Одним из последних достижений молекулярной онкологии является внедрение в практику онкодиагностики нового малоинвазивного метода «жидкой биопсии», который включает исследование образцов крови с целью выявления внеклеточных опухолевых ДНК, отражающих молекулярные изменения, характерные для опухоли (11, 12). В этом плане чрезвычайно актуальным представляется изучение молекулярно-генетических изменений в составе внеклеточных ДНК, которые специфичны для колоректального рака, и последующая разработка стратегии ранней диагностики рецидивов заболевания. Известно, что при онкопатологиях в составе как внеклеточной циркулирующей ДНК (цирДНК) плазмы крови, так и цирДНК, связанной с поверхностью клеток крови (скп-цирДНК), накапливаются фрагменты опухоле-специфичных метилированных ДНК, которые являются потенциальными онкомаркерами (13). Показано, что определение во внеклеточных ДНК крови уровня метилирования как однокопийных генов, так и повторяющихся последовательностей позволяет повысить чувствительность диагностического теста (13, 14).

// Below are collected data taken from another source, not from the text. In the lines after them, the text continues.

Lemma mderiv_Zpoly g E Q : (forall S, Q S -> S \subset E) ->
  (Zpoly R Q)^`M(g) = Zpoly R [pred A : {set 'I_n} | (A \subset E :\ g) && Q (g |: A)].
Proof.
move=> QE; rewrite ZpolyE linear_sum.
rewrite (eq_bigr (fun S => if g \in S then Xset (S :\ g) else 0)) => [|S _]; last first.
  exact: mderiv_Xset.
rewrite -big_mkcondr (reindex_onto (fun A => g |: A) (fun S => S :\ g)); last first.
  by move=> S /andP[_ gS]; exact: setD1K.
apply: eq_big => [A | S /andP[_ /eqP <-]]; last by rewrite setU1K ?setD11.
rewrite /= setU11 andbT subsetD1; have [gA | gNA] := boolP (g \in A).
  by rewrite andbF; case: eqP; rewrite ?andbF // => eqA; rewrite -eqA setD11 in gA.
rewrite setU1K // eqxx !andbT; case QgA: (Q _); rewrite ?andbF //.
by move: (QE _ QgA); rewrite andbT subUset => /andP[_ ->].
Qed.

Lemma Zpoly_setU1_exclusive g E Q :
    (forall A, A \subset E :\ g -> Q A -> ~~ Q (g |: A)) ->
  Zpoly R [pred A : {set 'I_n} | [&& A \subset E :\ g, Q A & Q (g |: A)]] = 0.
Proof.
move=> Qexcl; rewrite -Zpoly_pred0; apply: eq_Zpoly => A /=.
by case AE: (A \subset E :\ g); case QA: (Q A) => //=; apply/negbTE/Qexcl.
Qed.

Lemma mderiv_Zpoly_down_closed g E Q : (forall S, Q S -> S \subset E) ->
    (forall A, A \subset E :\ g -> Q (g |: A) -> Q A) ->
  Zpoly R [pred A : {set 'I_n} | [&& A \subset E :\ g, Q A & Q (g |: A)]] = (Zpoly R Q)^`M(g).
Proof.
move=> QE Qdown; rewrite (mderiv_Zpoly _ QE); apply: eq_Zpoly => A /=.
by case AE: (A \subset E :\ g); rewrite //= andb_idl //; apply: Qdown.
Qed.

Lemma setvar0_Zpoly_up_closed g E Q : (forall S, Q S -> S \subset E) ->
    (forall A, A \subset E :\ g -> Q A -> Q (g |: A)) ->
  Zpoly R [pred A : {set 'I_n} | [&& A \subset E :\ g, Q A & Q (g |: A)]] = setvar0 g (Zpoly R Q).
Proof.
move=> QE Qup; rewrite (setvar0_Zpoly _ QE); apply: eq_Zpoly => A /=.
by case AE: (A \subset E :\ g); rewrite //= andb_idr //; apply: Qup.
Qed.

Lemma Zpoly_mul E1 E2 P Q : [disjoint E1 & E2] ->
  Zpoly R [pred A : {set 'I_n} | (A \subset E1) && P A] *
  Zpoly R [pred B : {set 'I_n} | (B \subset E2) && Q B] =
  Zpoly R [pred S : {set 'I_n} | [&& S \subset E1 :|: E2, P (S :&: E1) & Q (S :&: E2)]].
Proof.
move=> dE; rewrite !ZpolyE big_distrlr -big_subsets_setU //.
apply: eq_bigr => S /and3P[SE _ _].
rewrite -[in RHS](setIidPl SE) setIUr Xset_setU //.
by apply: disjointWl (subsetIr _ _) _; apply: disjointWr (subsetIr _ _) dE.
Qed.

End GeneratingPolynomial.

Section Matroid.
Variables (n : nat) (E : {set 'I_n}) (r : {set 'I_n} -> nat).
Hypothesis matE : is_matroid E r.
Implicit Types (A B : {set 'I_n}) (e : 'I_n).
Local Open Scope nat_scope.

Lemma rank_le_card A : A \subset E -> r A <= #|A|.
Proof. by case: matE => rA _ _; apply: rA. Qed.

Lemma rank_subset A B : A \subset B -> B \subset E -> r A <= r B.
Proof. by case: matE => _ rAB _; apply: rAB. Qed.

Lemma rank_setU1 e A : e \in E -> A \subset E ->
  r (e |: A) = r A + ~~ in_closure r A e.
Proof.
move=> eE AE; case: (matE) => _ _ submod.
have eE1 : [set e] \subset E by rewrite sub1set.
have eAE : e |: A \subset E by rewrite subUset eE1 AE.
have := submod _ _ eE1 AE; have := rank_le_card eE1.
have := rank_subset (subsetUr [set e] A) eAE.
rewrite /in_closure cards1; set reA := r (e |: A).
by case: eqP => [-> | neq] /=; lia.
Qed.

Lemma mindep_setU1 e A : e \in E -> A \subset E :\ e ->
  mindep E r (e |: A) = mindep E r A && ~~ in_closure r A e.
Proof.
rewrite subsetD1 => eE /andP[AE eNA].
rewrite /mindep subUset sub1set eE AE rank_setU1 // cardsU1 eNA /=.
by have := rank_le_card AE; case: (in_closure r A e) => /=; lia.
Qed.

Lemma mspanning_superset A B : A \subset B -> B \subset E ->
  mspanning E r A -> mspanning E r B.
Proof.
move=> AB BE /andP[_ /eqP rAE]; rewrite /mspanning BE eqn_leq rank_subset //=.
by rewrite -rAE rank_subset.
Qed.

Lemma mspanning_in_closure e A : e \in E -> mspanning E r A -> in_closure r A e.
Proof.
move=> eE sA; have /andP[AE /eqP rAE] := sA.
have eAE : e |: A \subset E by rewrite subUset sub1set eE AE.
have /andP[_ /eqP reAE] := mspanning_superset (subsetUr [set e] A) eAE sA.
by rewrite /in_closure reAE rAE.
Qed.

Lemma mbasis_setU1N e A : e \notin A -> mbasis E r A -> ~~ mbasis E r (e |: A).
Proof.
move=> eNA /andP[/andP[_ /eqP rA] /andP[_ /eqP rAE]].
apply/negP => /andP[/andP[_ /eqP]]; rewrite cardsU1 eNA => reA /andP[_ /eqP].
by rewrite reA -rAE rA; lia.
Qed.

Lemma in_closure_rank_gt0 e A : e \in E -> A \subset E -> ~~ is_loop r e ->
  in_closure r A e -> 0 < r A.
Proof.
move=> eE AE; rewrite /is_loop -lt0n /in_closure => re_gt0 /eqP <-.
apply: leq_trans re_gt0 (rank_subset _ _); first exact: subsetUl.
by rewrite subUset sub1set eE AE.
Qed.

Lemma noncoloop_rank_setD1 e : ~~ is_coloop E r e -> r (E :\ e) = r E.
Proof.
rewrite /is_coloop -leqNgt => rE_le.
by apply/eqP; rewrite eqn_leq rE_le rank_subset ?subD1set.
Qed.

Lemma noncoloop_in_closure e : e \in E -> ~~ is_coloop E r e -> in_closure r (E :\ e) e.
Proof. by move=> eE ncE; rewrite /in_closure setD1K // noncoloop_rank_setD1. Qed.

End Matroid.

Lemma mindep_ground n (E : {set 'I_n}) r S : mindep E r S -> S \subset E.
Proof. by case/andP. Qed.

Lemma mspanning_ground n (E : {set 'I_n}) r S : mspanning E r S -> S \subset E.
Proof. by case/andP. Qed.

Lemma mbasis_ground n (E : {set 'I_n}) r S : mbasis E r S -> S \subset E.
Proof. by case/andP=> /mindep_ground. Qed.

(* [a], [b]: ranks of [A], [B]; [ca], [cb]: whether [g] lies in their closures;
   [a'], [b']: ranks of the two matroids. *)
Lemma two_sum_rank_eqE (a b a' b' : nat) (ca cb : bool) :
  (a + ~~ ca <= a')%N -> (b + ~~ cb <= b')%N -> (ca -> 0 < a)%N ->
  (a + b - (ca && cb) == a' + b' - 1)%N =
  (a == a') && (b + ~~ cb == b') || (a + ~~ ca == a') && (b == b').
Proof. by case: ca cb => [] [] /=; lia. Qed.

Исследовательские группы под руководством Symonds E.L. et al (2018), Chang S.C. et al. (2020), Jin S. et al. (2021) проводили определение метилированных маркеров (панель, включающая гены ВСАТ1 и IKZF1; ген ТМЕМ240; панель, включающая гены SEPTIN9 и SDC2) в плазме крови больных колоректальным раком с целью мониторинга течения заболевания (15, 16, 17). Однако, они оценивали только уровень метилирования однокопийных генов и не определяли уровень метилирования повторяющихся последовательностей, что могло бы повысить чувствительность такой диагностической тест-системы. В настоящих работах использовались только две контрольные точки (до лечения и на 12 сутки после операции или до лечения и через 12 месяцев после операции), что не позволяет осуществлять регулярную и своевременную диагностику на протяжении первых 24-х месяцев наблюдения, которые являются самыми критичными с позиций риска развития прогрессирования заболевания.

Наиболее близким к предлагаемому (прототипом) является способ диагностики колоректального рака, основанный на определении метилированных маркеров во внеклеточных ДНК крови (генов ITGA4, ЕМВР1, ТМЕМ163, SFMBT2, ELMO, ZNF543, CHST10, CCNA1, BEND4, KRBA1, S1PR1, PPP1R16B) (18). Однако, для мониторинга РПК указанный способ имеет ряд недостатков:

1) не определена информативность данных метилированных маркеров конкретно для больных РПК;

2) данный способ может быть применим только для диагностики РПК, но не для мониторинга течения заболевания;

3) анализ профиля метилирования ДНК с использованием метода бисульфитного секвенирования позволяет проводить определение уровня метилирования одновременно нескольких генов (12 мишеней), но требует большого количества исходного генетического материала (от 500 нг до 1 мкг ДНК);

4) высокая стоимость проведения подобного исследования (от 500 тыс.руб.);

5) большая трудоемкость данного способа определения уровня метилирования генов.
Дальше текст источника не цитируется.